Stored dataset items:
____________
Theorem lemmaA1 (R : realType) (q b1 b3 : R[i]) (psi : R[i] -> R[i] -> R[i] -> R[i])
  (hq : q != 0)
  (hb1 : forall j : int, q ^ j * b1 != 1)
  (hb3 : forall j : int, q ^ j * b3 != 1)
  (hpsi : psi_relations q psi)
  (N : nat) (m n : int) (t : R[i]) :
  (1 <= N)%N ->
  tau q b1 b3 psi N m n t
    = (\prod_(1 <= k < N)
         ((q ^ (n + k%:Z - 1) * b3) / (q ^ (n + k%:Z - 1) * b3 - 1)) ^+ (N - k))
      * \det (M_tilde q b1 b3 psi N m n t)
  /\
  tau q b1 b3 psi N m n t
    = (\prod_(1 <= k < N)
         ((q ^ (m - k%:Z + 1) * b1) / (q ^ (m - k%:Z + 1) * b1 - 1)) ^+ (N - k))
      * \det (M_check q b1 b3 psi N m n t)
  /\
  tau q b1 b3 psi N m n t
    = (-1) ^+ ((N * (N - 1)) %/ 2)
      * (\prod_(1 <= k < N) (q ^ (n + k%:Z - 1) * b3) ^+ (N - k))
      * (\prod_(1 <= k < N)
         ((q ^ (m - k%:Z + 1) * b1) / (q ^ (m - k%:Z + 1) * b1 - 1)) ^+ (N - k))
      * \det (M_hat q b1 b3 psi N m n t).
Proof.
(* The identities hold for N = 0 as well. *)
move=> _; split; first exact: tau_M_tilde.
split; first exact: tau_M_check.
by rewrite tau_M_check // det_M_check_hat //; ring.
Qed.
____________
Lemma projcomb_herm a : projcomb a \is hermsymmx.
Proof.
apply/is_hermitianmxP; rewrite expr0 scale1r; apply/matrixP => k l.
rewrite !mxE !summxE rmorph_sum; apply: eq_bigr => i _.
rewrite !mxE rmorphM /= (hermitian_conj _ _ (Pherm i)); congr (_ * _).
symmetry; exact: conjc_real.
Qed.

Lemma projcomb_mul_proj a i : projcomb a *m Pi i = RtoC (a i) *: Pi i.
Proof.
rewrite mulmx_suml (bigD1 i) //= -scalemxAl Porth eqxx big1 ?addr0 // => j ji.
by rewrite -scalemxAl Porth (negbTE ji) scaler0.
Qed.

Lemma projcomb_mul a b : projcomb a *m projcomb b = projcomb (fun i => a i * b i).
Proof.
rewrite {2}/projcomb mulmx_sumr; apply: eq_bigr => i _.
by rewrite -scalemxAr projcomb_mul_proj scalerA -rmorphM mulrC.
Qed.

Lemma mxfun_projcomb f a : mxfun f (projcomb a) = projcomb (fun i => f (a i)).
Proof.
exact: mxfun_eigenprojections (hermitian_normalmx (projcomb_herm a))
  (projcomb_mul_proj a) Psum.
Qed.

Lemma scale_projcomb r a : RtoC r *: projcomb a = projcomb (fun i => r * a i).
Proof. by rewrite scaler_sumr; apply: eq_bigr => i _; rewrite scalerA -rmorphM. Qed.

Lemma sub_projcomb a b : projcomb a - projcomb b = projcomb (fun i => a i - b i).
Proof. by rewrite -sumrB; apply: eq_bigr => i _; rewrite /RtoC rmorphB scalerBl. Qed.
____________
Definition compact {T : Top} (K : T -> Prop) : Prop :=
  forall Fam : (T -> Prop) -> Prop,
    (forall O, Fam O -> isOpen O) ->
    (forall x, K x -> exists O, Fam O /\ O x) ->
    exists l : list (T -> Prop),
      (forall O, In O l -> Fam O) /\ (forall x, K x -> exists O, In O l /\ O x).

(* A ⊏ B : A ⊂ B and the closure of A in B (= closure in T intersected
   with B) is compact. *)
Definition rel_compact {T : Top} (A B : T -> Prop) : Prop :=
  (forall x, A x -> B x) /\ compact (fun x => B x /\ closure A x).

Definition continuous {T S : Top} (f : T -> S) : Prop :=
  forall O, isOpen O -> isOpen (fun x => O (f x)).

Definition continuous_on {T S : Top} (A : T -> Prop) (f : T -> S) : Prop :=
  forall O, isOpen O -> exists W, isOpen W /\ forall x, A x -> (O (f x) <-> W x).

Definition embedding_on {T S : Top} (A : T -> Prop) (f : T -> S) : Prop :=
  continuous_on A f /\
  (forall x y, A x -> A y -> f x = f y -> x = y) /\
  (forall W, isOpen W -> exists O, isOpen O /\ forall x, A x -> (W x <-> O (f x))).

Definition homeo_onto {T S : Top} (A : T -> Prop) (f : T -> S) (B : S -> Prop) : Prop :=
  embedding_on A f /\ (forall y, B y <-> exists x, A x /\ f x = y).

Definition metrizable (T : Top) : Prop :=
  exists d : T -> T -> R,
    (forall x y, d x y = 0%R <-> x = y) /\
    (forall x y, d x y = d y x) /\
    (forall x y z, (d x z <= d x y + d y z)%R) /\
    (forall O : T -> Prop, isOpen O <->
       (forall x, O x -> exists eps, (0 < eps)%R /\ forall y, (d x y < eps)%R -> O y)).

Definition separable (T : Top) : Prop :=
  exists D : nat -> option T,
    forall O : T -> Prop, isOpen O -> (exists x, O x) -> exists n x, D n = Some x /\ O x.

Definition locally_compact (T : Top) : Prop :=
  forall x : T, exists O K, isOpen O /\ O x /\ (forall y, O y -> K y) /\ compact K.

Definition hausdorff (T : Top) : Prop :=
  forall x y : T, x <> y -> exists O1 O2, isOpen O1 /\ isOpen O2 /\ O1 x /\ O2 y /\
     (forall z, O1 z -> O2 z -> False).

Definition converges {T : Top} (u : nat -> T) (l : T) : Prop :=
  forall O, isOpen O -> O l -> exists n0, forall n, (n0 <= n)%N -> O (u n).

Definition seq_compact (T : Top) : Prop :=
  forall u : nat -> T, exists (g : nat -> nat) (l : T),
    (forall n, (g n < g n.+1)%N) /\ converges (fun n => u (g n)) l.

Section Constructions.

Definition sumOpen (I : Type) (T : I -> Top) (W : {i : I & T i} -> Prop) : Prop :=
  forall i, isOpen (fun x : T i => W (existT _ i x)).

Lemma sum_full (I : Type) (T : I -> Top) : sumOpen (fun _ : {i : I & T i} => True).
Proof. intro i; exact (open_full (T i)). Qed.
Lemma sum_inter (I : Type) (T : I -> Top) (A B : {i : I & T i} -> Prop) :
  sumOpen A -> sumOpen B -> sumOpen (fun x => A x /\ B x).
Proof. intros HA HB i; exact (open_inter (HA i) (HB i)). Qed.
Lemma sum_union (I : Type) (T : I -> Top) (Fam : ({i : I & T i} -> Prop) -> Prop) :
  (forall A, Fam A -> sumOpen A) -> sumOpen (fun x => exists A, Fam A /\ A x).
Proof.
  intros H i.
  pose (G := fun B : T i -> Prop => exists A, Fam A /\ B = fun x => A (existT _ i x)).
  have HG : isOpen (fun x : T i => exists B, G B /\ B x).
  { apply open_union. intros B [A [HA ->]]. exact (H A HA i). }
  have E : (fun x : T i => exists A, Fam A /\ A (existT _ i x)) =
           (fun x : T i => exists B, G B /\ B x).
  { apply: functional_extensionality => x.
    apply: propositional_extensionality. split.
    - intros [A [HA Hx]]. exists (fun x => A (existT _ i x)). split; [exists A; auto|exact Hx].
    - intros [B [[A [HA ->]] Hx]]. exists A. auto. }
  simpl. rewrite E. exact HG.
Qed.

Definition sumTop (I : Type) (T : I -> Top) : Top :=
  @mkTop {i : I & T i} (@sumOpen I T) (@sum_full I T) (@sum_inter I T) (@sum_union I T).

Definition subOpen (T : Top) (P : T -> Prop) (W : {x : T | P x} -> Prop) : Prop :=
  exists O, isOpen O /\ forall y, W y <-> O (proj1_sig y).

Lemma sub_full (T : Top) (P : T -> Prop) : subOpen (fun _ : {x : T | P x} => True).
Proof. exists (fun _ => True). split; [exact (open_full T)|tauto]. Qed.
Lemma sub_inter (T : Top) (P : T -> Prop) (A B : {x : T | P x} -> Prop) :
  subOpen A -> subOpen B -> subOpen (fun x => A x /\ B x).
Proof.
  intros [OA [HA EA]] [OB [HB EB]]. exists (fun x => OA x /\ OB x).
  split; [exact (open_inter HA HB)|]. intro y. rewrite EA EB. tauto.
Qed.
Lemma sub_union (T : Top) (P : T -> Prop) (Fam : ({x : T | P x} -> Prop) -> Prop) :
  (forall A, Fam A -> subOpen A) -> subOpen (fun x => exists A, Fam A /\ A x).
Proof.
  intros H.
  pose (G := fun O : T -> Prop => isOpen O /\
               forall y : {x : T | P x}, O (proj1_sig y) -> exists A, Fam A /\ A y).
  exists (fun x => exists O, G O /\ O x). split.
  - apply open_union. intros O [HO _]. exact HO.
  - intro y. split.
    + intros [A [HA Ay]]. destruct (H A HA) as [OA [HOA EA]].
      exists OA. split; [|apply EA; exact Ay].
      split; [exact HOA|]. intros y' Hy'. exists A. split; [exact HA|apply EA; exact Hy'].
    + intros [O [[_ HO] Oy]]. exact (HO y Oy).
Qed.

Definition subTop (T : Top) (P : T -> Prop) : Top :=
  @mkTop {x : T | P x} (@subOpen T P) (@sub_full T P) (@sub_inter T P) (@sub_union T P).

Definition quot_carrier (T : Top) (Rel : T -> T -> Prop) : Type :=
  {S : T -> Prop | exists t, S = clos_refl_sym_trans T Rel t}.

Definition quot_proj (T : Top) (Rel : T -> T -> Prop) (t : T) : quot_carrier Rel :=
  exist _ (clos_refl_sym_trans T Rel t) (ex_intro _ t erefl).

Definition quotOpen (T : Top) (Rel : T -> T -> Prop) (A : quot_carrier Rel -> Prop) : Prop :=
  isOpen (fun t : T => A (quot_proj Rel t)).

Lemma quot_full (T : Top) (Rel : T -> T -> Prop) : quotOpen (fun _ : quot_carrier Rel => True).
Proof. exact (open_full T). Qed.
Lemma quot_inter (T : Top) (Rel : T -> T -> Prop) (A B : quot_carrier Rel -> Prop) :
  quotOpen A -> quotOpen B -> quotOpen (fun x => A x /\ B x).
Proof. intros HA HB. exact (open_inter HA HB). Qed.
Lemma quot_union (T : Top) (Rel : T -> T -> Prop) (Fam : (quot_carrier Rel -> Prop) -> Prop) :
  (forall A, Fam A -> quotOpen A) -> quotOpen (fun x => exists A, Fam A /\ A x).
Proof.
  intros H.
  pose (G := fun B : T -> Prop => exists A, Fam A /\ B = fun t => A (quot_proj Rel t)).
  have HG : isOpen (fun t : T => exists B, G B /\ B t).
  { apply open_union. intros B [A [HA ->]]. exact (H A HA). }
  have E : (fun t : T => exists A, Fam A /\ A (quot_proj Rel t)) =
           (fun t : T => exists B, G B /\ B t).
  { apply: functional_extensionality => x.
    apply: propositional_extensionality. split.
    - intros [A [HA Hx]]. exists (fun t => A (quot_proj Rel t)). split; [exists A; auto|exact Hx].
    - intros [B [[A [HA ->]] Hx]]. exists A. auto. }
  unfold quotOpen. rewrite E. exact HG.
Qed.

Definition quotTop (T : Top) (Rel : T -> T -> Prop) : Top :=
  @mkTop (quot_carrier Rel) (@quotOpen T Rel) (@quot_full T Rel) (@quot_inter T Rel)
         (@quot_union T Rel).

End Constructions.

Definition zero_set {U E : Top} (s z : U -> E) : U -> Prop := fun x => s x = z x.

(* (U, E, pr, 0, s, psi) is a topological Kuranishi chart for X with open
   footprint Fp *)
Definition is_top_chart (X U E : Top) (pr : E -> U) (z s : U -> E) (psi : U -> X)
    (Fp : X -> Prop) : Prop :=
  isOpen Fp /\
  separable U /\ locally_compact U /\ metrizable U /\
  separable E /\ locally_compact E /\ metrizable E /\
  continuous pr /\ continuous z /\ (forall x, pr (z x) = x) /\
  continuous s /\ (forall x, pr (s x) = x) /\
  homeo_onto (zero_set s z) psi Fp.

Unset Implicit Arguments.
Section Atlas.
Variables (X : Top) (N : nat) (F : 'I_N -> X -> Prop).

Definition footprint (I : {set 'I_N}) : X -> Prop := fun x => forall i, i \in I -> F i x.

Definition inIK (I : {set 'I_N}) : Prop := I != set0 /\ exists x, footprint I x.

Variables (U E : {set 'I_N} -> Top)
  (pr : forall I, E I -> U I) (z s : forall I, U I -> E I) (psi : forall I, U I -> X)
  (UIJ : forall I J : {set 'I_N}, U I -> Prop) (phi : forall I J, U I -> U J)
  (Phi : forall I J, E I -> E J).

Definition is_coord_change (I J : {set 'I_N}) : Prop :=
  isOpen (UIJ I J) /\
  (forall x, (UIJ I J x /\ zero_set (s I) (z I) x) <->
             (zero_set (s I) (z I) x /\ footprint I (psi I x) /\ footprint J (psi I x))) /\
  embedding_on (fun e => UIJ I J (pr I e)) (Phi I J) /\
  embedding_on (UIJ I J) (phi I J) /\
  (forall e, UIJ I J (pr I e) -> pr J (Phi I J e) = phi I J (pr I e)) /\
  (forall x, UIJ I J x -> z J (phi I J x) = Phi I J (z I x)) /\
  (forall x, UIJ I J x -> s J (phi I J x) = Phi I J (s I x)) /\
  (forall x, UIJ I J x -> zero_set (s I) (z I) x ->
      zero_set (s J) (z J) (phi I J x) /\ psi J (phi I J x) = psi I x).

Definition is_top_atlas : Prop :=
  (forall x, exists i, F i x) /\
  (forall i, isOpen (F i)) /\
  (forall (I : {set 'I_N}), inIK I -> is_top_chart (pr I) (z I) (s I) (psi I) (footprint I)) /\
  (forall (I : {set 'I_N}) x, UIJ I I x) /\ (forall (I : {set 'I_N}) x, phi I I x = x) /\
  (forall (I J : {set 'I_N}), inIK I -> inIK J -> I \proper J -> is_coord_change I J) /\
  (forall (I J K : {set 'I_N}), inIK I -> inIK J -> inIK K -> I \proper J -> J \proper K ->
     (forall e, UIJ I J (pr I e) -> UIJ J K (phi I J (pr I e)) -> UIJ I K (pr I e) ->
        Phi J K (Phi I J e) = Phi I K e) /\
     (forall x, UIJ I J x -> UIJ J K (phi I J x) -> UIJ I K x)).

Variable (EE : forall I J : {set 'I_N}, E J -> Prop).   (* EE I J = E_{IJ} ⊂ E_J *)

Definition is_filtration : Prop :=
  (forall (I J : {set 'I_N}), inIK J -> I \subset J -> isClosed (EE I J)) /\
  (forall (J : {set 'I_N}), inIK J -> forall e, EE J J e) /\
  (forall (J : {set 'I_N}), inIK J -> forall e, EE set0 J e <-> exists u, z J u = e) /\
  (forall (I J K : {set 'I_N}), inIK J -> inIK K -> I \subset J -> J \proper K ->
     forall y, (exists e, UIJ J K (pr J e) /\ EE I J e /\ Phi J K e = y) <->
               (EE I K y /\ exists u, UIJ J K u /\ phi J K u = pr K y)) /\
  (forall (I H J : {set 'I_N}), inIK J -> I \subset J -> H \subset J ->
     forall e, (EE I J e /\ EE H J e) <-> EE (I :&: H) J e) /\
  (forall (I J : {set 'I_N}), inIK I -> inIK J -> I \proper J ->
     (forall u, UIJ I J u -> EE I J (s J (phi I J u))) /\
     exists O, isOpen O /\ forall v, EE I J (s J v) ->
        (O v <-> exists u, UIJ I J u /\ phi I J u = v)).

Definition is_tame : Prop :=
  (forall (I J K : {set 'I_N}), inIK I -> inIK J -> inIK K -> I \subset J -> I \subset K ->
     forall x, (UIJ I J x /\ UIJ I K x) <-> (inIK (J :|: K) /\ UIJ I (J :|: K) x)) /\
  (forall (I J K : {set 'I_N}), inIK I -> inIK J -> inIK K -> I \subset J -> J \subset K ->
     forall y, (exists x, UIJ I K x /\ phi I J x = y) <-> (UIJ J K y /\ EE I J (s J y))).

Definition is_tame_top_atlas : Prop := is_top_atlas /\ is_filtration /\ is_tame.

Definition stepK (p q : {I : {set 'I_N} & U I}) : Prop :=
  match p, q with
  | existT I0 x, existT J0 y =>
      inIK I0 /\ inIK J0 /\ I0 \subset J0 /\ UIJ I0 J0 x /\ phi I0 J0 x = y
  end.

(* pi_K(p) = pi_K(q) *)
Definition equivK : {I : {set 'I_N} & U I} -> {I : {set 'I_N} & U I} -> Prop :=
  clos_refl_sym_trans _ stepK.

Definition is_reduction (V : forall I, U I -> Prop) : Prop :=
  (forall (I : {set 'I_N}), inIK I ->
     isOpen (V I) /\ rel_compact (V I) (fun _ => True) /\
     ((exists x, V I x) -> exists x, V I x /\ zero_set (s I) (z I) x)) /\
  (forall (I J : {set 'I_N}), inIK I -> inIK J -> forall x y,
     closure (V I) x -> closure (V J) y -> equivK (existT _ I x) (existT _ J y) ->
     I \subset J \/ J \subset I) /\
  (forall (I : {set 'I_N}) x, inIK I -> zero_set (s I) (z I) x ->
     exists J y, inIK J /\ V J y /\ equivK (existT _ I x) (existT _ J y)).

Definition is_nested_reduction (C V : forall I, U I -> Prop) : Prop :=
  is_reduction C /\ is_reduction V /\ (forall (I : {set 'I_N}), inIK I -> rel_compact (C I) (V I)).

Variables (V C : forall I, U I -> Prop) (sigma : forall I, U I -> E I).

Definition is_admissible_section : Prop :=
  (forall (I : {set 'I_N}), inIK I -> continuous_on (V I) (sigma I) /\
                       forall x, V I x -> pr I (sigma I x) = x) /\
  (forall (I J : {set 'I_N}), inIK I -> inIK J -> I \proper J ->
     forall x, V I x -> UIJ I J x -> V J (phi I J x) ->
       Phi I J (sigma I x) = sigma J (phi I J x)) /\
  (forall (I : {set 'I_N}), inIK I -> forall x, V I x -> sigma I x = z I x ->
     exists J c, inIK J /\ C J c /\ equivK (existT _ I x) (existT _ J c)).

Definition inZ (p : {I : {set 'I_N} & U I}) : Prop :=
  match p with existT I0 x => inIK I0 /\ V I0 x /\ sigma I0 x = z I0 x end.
____________
Your answer should consist only of the lines above between the line holding "I -> zero_set" and the line holding "I x = z I x ->", inclusive, each transcribed exactly.

  (forall (I : {set 'I_N}) x, inIK I -> zero_set (s I) (z I) x ->
     exists J y, inIK J /\ V J y /\ equivK (existT _ I x) (existT _ J y)).

Definition is_nested_reduction (C V : forall I, U I -> Prop) : Prop :=
  is_reduction C /\ is_reduction V /\ (forall (I : {set 'I_N}), inIK I -> rel_compact (C I) (V I)).

Variables (V C : forall I, U I -> Prop) (sigma : forall I, U I -> E I).

Definition is_admissible_section : Prop :=
  (forall (I : {set 'I_N}), inIK I -> continuous_on (V I) (sigma I) /\
                       forall x, V I x -> pr I (sigma I x) = x) /\
  (forall (I J : {set 'I_N}), inIK I -> inIK J -> I \proper J ->
     forall x, V I x -> UIJ I J x -> V J (phi I J x) ->
       Phi I J (sigma I x) = sigma J (phi I J x)) /\
  (forall (I : {set 'I_N}), inIK I -> forall x, V I x -> sigma I x = z I x ->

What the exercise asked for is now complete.